**MATERIAL SHOWN**
(* Let $C_\infty=(\mathbb{N},+)$. Let $\mathcal{R}$ be the commutative DGA-algebra over $\mathbb{H}C_\infty$ with $\mathcal{R}_0$ free on $\{v_0\}$ ($\pi v_0=0$), $\mathcal{R}_1$ free on $\{w_0\}$ ($\pi w_0=1$), $\mathcal{R}_n=0$ for $n\ge2$, zero differential, augmentation the canonical isomorphism $\mathcal{R}_0\cong\mathbb{Z}$, and multiplication $v_0\circ v_0=v_0$, $v_0\circ w_0=w_0$, $w_0\circ w_0=0$. Then there are morphisms of DGA-algebras over $\mathbb{H}C_\infty$, $f:\mathbf{B}(\mathcal{Z}C_\infty)\to\mathcal{R}$ and $g:\mathcal{R}\to\mathbf{B}(\mathcal{Z}C_\infty)$, determined by $f[\,]=v_0$, $f[x]=x\,\big((x-1)_*w_0\big)$ (for $x\ge1$), $g v_0=[\,]$, $g w_0=[1]$, and they form a contraction: $fg=\mathrm{id}_{\mathcal{R}}$ and there is a chain homotopy $\Phi$ from $gf$ to $\mathrm{id}_{\mathbf{B}(\mathcal{Z}C_\infty)}$ (a morphism of $\mathbb{H}C_\infty$-modules of degree $+1$ with $\partial\Phi+\Phi\partial=gf-\mathrm{id}$, up to the sign convention) satisfying $\Phi g=0$, $f\Phi=0$, $\Phi\Phi=0$.
   Context: For a commutative monoid $M$ (here $C_\infty$, written additively with identity $0$; read $xy$ as $x+y$), $\mathbb{H}M$ has objects the elements of $M$ and morphisms $(x,y):x\to xy$; an $\mathbb{H}M$-module is a functor $\mathbb{H}M\to\mathbf{Ab}$, i.e. groups $\mathcal{A}(x)$ with $y_*:\mathcal{A}(x)\to\mathcal{A}(xy)$, $y_*z_*=(yz)_*$, $e_*=\mathrm{id}$. A free $\mathbb{H}M$-module on a set $S$ with $\pi:S\to M$ has $(\cdot)(x)$ free abelian on $\{(u,s):u\,\pi(s)=x\}$, $y_*(u,s)=(uy,s)$, $s=(e,s)$. Chain complexes of $\mathbb{H}M$-modules form a symmetric monoidal category (tensor product $(\mathcal{A}\otimes\mathcal{B})(x)=\bigoplus_{zt=x}\mathcal{A}(z)\otimes\mathcal{B}(t)/(u_*a\otimes b=a\otimes u_*b)$, Koszul signs, unit the constant module $\mathbb{Z}$); a commutative DGA-algebra over $\mathbb{H}M$ is a commutative monoid there with an augmentation morphism of monoids to $\mathbb{Z}$. $\mathbf{B}(\mathcal{Z}M)$ is the (commutative DGA-) bar construction of $\mathcal{Z}M$: in degree $0$ it is free on $[\,]$ (with $\pi[\,]=e$), and for $n\ge1$ it is the free $\mathbb{H}M$-module on the cells $[x_1|\cdots|x_n]$, $x_i\in M$, $\pi[x_1|\cdots|x_n]=x_1\cdots x_n$, with $[x_1|\cdots|x_n]=0$ if some $x_i=e$; differential $\partial[x_1|\cdots|x_n]=x_{1*}[x_2|\cdots|x_n]+\sum_{i=1}^{n-1}(-1)^i[x_1|\cdots|x_ix_{i+1}|\cdots|x_n]+(-1)^nx_{n*}[x_1|\cdots|x_{n-1}]$; multiplication the shuffle product $[x_1|\cdots|x_n]\circ[x_{n+1}|\cdots|x_{n+m}]=\sum_\sigma\mathrm{sgn}(\sigma)[x_{\sigma^{-1}(1)}|\cdots|x_{\sigma^{-1}(n+m)}]$ over $(n,m)$-shuffles; unit $[\,]$; augmentation $\mathbf{B}_0\cong\mathbb{Z}$. Morphisms of DGA-algebras preserve differential, multiplication, unit and augmentation; morphisms from a free module are determined by values on generators. *)

From HB Require Import structures.
From mathcomp Require Import all_boot all_order all_algebra.
Set Implicit Arguments. Unset Strict Implicit. Unset Printing Implicit Defensive.
Import GRing.Theory.
Local Open Scope ring_scope.

(* H C_oo for C_oo = (nat,+): objects are naturals, and the morphisms       *)
(* x -> x + y are in bijection with proofs of x <= x' (x' = x + y,          *)
(* y = x' - x).  An H C_oo-module is thus given by groups A(x) and maps     *)
(* A(x) -> A(x') for x <= x'.  A graded object (chain complex) has groups    *)
(* obj n x in degree n at object x.                                         *)
(*   ddif : differential, degree n+1 -> n (zero out of degree 0)            *)
(*   dmul : multiplication A⊗A -> A, given as the family of bilinear maps   *)
(*          A_n(z) x A_m(t) -> A_{n+m}(z+t)                                 *)
(*   dunit: unit, an element of A_0(e) = A_0(0)                             *)
Record dga := DGA {
  dobj : nat -> nat -> zmodType;
  dact : forall n x x', (x <= x')%N -> dobj n x -> dobj n x';
  ddif : forall n x, dobj n.+1 x -> dobj n x;
  dmul : forall n m z t, dobj n z -> dobj m t -> dobj (n + m) (z + t);
  dunit : dobj 0 0;
  daug : forall x, dobj 0 x -> int }.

**REQUIRED ACTION**
Copy only the lines in the listing that contain "forall".

**EXERCISE RESPONSE**
  dact : forall n x x', (x <= x')%N -> dobj n x -> dobj n x';
  ddif : forall n x, dobj n.+1 x -> dobj n x;
  dmul : forall n m z t, dobj n z -> dobj m t -> dobj (n + m) (z + t);
  daug : forall x, dobj 0 x -> int }.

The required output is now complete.